Mid-size American cities face some of the nation’s deepest challenges with entrenched poverty, poor health and a lack of investment. But they also offer fertile ground for strategies that improve health and have the potential to boost local economies. The program has the potential to fundamentally transform the way Dundalk improves opportunities to live healthy lives by addressing the drivers of health including jobs, housing, education, community safety and environmental conditions.

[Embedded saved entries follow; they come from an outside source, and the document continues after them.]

Lemma cert_sum_le (P : pred nat) s : uniq s -> (forall i, i \in s -> i < n -> P i) ->
  \sum_(i <- s) h i <= \sum_(0 <= i < n | P i) h i.
Proof.
move=> uniq_s sP; rewrite -(@big_nat_mem _ _ _ n) //; last by move=> i _; apply: (wc_out hc).
rewrite big_nat_cond [X in _ <= X]big_nat_cond.
apply: sub_le_big => // [x y|i /andP[/andP[_ lt_in] s_i]]; first exact: leq_addr.
by rewrite lt_in sP.
Qed.

(* For [n >= 8], some window of four vertices avoids the closed neighbourhood of [a]. *)
Lemma cert_sep_hub a : 8 <= n -> a < n ->
  D <= \sum_(0 <= i < n | pdist a i != 1) h i.
Proof.
move=> n_ge8 lt_an.
have window_le s : uniq s -> (forall i, i \in s -> i < n -> pdist a i != 1) ->
    D <= \sum_(i <- s) h i -> D <= \sum_(0 <= i < n | pdist a i != 1) h i.
  by move=> uniq_s sep_s /leq_trans; apply; apply: cert_sum_le.
have [lt_a4n|le_na4] := ltnP a.+4 n.
  apply: (@window_le [:: a.+2; a.+3; a.+4; a.+4.+1]).
  - by rewrite /= !inE; lia.
  - by move=> i; pdist_solve.
  - by rewrite !big_cons big_nil addn0 !addnA; apply: (wc_adj hc).
have [lt_4a|le_a4] := ltnP 4 a.
  apply: (@window_le [:: a - 5; (a - 5).+1; (a - 5).+2; (a - 5).+3]).
  - by rewrite /= !inE; lia.
  - by move=> i; pdist_solve.
  - by rewrite !big_cons big_nil addn0 !addnA; apply: (wc_adj hc); lia.
apply: (@window_le [:: 0; 1; 2]).
- by [].
- by move=> i; pdist_solve.
- by rewrite !big_cons big_nil addn0 !addnA; apply: (wc_adj0 hc).
Qed.

End WindowCert.

(* The conditions of [resolving_fanP] for the weights [h i / D] on the path and
   [hv / D] on the hub, with the denominator cleared. *)
Definition nat_resolving (n D : nat) (h : nat -> nat) (hv : nat) : Prop :=
  [/\ 0 < D, forall i, i < n -> h i <= D, hv <= D,
      forall a b, a < b < n -> D <= \sum_(0 <= i < n | pdist a i != pdist b i) h i &
      forall a, a < n -> D <= \sum_(0 <= i < n | pdist a i != 1) h i + hv].

Lemma cert_nat_resolving n D h : window_cert n D h -> 0 < D ->
  (forall i, i < n -> h i <= D) ->
  (forall a, a < n -> D <= \sum_(0 <= i < n | pdist a i != 1) h i) ->
  nat_resolving n D h 0.
Proof.
move=> hc D_gt0 h_le sep_hub; split=> // [a b|a /sep_hub].
  exact: cert_sep_pair.
by rewrite addn0.
Qed.

Lemma nat_resolving_check n D h hv :
  [&& 0 < D, hv <= D, all (fun i => h i <= D) (iota 0 n),
      all (fun a => all (fun b => D <= \sum_(0 <= i < n | pdist a i != pdist b i) h i)
                        (iota a.+1 (n - a.+1))) (iota 0 n)
    & all (fun a => D <= \sum_(0 <= i < n | pdist a i != 1) h i + hv) (iota 0 n)] ->
  nat_resolving n D h hv.
Proof.
case/and5P=> D_gt0 hv_le /allP h_le /allP sep_pair /allP sep_hub; split=> //.
- by move=> i lt_in; apply: h_le; rewrite mem_iota.
- move=> a b /andP[lt_ab lt_bn].
  by have /allP := sep_pair a ltac:(rewrite mem_iota; lia); apply; rewrite mem_iota; lia.
- by move=> a lt_an; apply: sep_hub; rewrite mem_iota.
Qed.

Lemma sum_even N : \sum_(0 <= i < N) (if odd i then 0 else 1) = N.+1./2.
Proof. by elim: N => [|N IH]; rewrite ?big_nil // big_nat_recr //= IH; case: ifP; lia. Qed.

Definition even_weight n i : nat := if i < n then (if odd i then 0 else 1) else 0.

Lemma even_weight_cert n : odd n -> 3 <= n -> window_cert n 2 (even_weight n).
Proof. by move=> *; split=> *; rewrite /even_weight; if_lia. Qed.

Lemma sum_even_weight n : \sum_(0 <= i < n) even_weight n i = n.+1./2.
Proof.
by rewrite -sum_even; apply: eq_big_nat => i /andP[_ lt_in]; rewrite /even_weight lt_in.
Qed.

Definition even_last_weight n i : nat :=
  if i < n then (if odd i then (if i.+1 == n then 1 else 0) else 1) else 0.

Lemma even_last_weight_cert n : ~~ odd n -> 4 <= n -> window_cert n 2 (even_last_weight n).
Proof. by move=> *; split=> *; rewrite /even_last_weight; if_lia. Qed.

Lemma sum_even_last_weight n : 0 < n -> ~~ odd n ->
  \sum_(0 <= i < n) even_last_weight n i = n./2.+1.
Proof.
move=> n_gt0 even_n; rewrite -[in \sum_(0 <= i < n) _](prednK n_gt0) big_nat_recr //=.
rewrite (@eq_big_nat _ _ _ _ _ _ (fun i => if odd i then 0 else 1)) => [|i /andP[_ lt_i]].
  by rewrite sum_even /even_last_weight; if_lia.
by rewrite /even_last_weight; if_lia.
Qed.

Definition quarter_weight m i : nat :=
  if i < 4 * m then (if odd i then i %/ 4 + 1 else m - i %/ 4) else 0.

Lemma quarter_weight_cert m : 2 <= m -> window_cert (4 * m) (2 * m + 1) (quarter_weight m).
Proof. by move=> *; split=> *; rewrite /quarter_weight; if_lia. Qed.

Lemma sum_quarter_weight m c : c <= m ->
  \sum_(0 <= i < 4 * c) quarter_weight m i = c * (2 * m + 2).
Proof.
elim: c => [|c IH] le_cm; first by rewrite big_nil.
rewrite (_ : 4 * c.+1 = (4 * c).+4); last by lia.
rewrite 4?big_nat_recr //= IH; last by lia.
by rewrite /quarter_weight; if_lia.
Qed.

Local Open Scope ring_scope.

Lemma is_min_resolving_ext (R : realFieldType) (T : finType) (d1 d2 : T -> T -> nat) (r : R) :
  d1 =2 d2 -> is_min_resolving d2 r -> is_min_resolving d1 r.
Proof.
move=> d12; have eq_res x y : resolving_set d1 x y = resolving_set d2 x y.
  by apply/setP => z; rewrite !inE !d12.
have eq_fun g : resolving_fun d1 g <-> resolving_fun d2 g.
  by split=> -[g01 gres]; split=> // x y /gres; rewrite eq_res.
by case=> [[g [/eq_fun g_res g_sum]] g_min]; split=> [|h /eq_fun]; [exists g | apply: g_min].
Qed.

Lemma both_dims_fan (R : realFieldType) n k (r : R) : (0 < k)%N ->
  is_min_resolving (@fan_dist n) r -> both_dims n k r.
Proof.
move=> k_gt0 r_min; split; apply: is_min_resolving_ext r_min => x y.
  exact: tdist_fan.
exact: gdist_fan.
Qed.

Section FanWeights.
Variables (R : realFieldType) (n : nat).
Notation T := ('I_n + 'I_1)%type.
Implicit Types (g : T -> R) (a b i : nat).

Definition path_weight g i : R := if insub i is Some j then g (inl j) else 0.

Lemma path_weight_ord g (j : 'I_n) : path_weight g j = g (inl j).
Proof. by rewrite /path_weight valK. Qed.

Lemma path_weight_out g i : (n <= i)%N -> path_weight g i = 0.
Proof. by move=> n_le_i; rewrite /path_weight insubN // -leqNgt. Qed.

Lemma sum_fan_cond (P : pred T) g :
  \sum_(z | P z) g z =
  \sum_(0 <= i < n | P (pathv n i)) path_weight g i + (if P (hub n) then g (hub n) else 0).
Proof.
rewrite big_sumType big_mkord; congr (_ + _); last by rewrite big_mkcond big_ord1.
by apply: eq_big => [j|j _]; rewrite ?path_weight_ord // (pathv_val j).
Qed.

Lemma sum_fan g : \sum_z g z = \sum_(0 <= i < n) path_weight g i + g (hub n).
Proof. by rewrite sum_fan_cond. Qed.

Lemma sum_resolving_pathv g a b : (a < n)%N -> (b < n)%N ->
  \sum_(z in resolving_set (@fan_dist n) (pathv n a) (pathv n b)) g z =
  \sum_(0 <= i < n | pdist a i != pdist b i) path_weight g i.
Proof.
move=> lt_an lt_bn; rewrite sum_fan_cond !inE !fan_dist_pathv_hub // eqxx addr0.
by apply: congr_big_nat => // i /andP[_ lt_in]; rewrite inE !fan_dist_pathv.
Qed.

Lemma sum_resolving_pathv_hub g a : (a < n)%N ->
  \sum_(z in resolving_set (@fan_dist n) (pathv n a) (hub n)) g z =
  \sum_(0 <= i < n | pdist a i != 1%N) path_weight g i + g (hub n).
Proof.
move=> lt_an; rewrite sum_fan_cond !inE fan_dist_pathv_hub //; congr (_ + _).
by apply: congr_big_nat => // i /andP[_ lt_in]; rewrite inE fan_dist_pathv ?fan_dist_hub_pathv.
Qed.

Lemma resolving_fanP g :
  resolving_fun (@fan_dist n) g <->
  [/\ forall z, 0 <= g z <= 1,
      forall a b, (a < b < n)%N ->
        1 <= \sum_(0 <= i < n | pdist a i != pdist b i) path_weight g i &
      forall a, (a < n)%N ->
        1 <= \sum_(0 <= i < n | pdist a i != 1%N) path_weight g i + g (hub n)].
Proof.
split=> [[g01 g_res]|[g01 sep_pair sep_hub]].
  split=> // [a b /andP[lt_ab lt_bn]|a lt_an].
    have lt_an := ltn_trans lt_ab lt_bn.
    rewrite -sum_resolving_pathv //; apply: g_res.
    by rewrite (pathvE lt_an) (pathvE lt_bn); apply/eqP => -[eq_ab]; rewrite eq_ab ltnn in lt_ab.
  by rewrite -sum_resolving_pathv_hub //; apply: g_res; rewrite pathvE.
split=> // x y; case: x => [i|j]; case: y => [i'|j'];
  rewrite -?pathv_val ?(ord1 j) ?(ord1 j') -/(hub n) => neq_xy.
- have neq_ii' : (i : nat) != i' by apply: contraNneq neq_xy => ->.
  wlog lt_ii' : i i' {neq_xy} neq_ii' / (i < i')%N.
    move=> wlog_lt; have [lt_ii'|lt_i'i|/eqP] := ltngtP i i'; first exact: wlog_lt.
      by rewrite resolving_setC; apply: wlog_lt; rewrite // eq_sym.
    by rewrite (negbTE neq_ii').
  by rewrite sum_resolving_pathv //; apply: sep_pair; rewrite lt_ii' /=.
- by rewrite sum_resolving_pathv_hub //; apply: sep_hub.
- by rewrite resolving_setC sum_resolving_pathv_hub //; apply: sep_hub.
- by rewrite eqxx in neq_xy.
Qed.

End FanWeights.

“With a long history in community development finance, we are excited to help create a pipeline to channel capital into low-income communities through public and private investments,” said Amanda High, Chief of Strategic Initiatives at Reinvestment Fund. “Our goal is to transform how cities approach tough challenges, share lessons learned and spur creative collaboration.”
Over the next 18 months, Invest Health teams will take part in a vibrant learning community, have access to highly skilled faculty advisors and coaches who will guide their efforts toward improved health, and receive a $60,000 grant. Dundalk also will engage a broader group of local stakeholders to encourage local knowledge sharing. Learning from the program will be synthesized and disseminated through a project website.
“Public officials, community developers, and many others have been working in low-income neighborhoods for years, but they haven’t always worked together,” said Donald Schwarz, M.D., MPH, MBA, Robert Wood Johnson Foundation’s Vice President, Program. “Invest Health aims to align their work and help neighborhoods thrive by intentionally incorporating health into community development.”
Dundalk’s projects will explore a broad range of ideas from reducing the concentration of poverty and the number of transient residents to increasing access to mental health and substance abuse treatment. Examples could include working to connect residents with critical support services, employment and educational opportunities, instituting a rental housing stabilization program and community beautification endeavors.
Project teams will travel to Philadelphia for a kick-off meeting on June 7 and will meet regularly to share lessons learned throughout the 18-month project. A full list of awardees and more information is available at www.investhealth.org.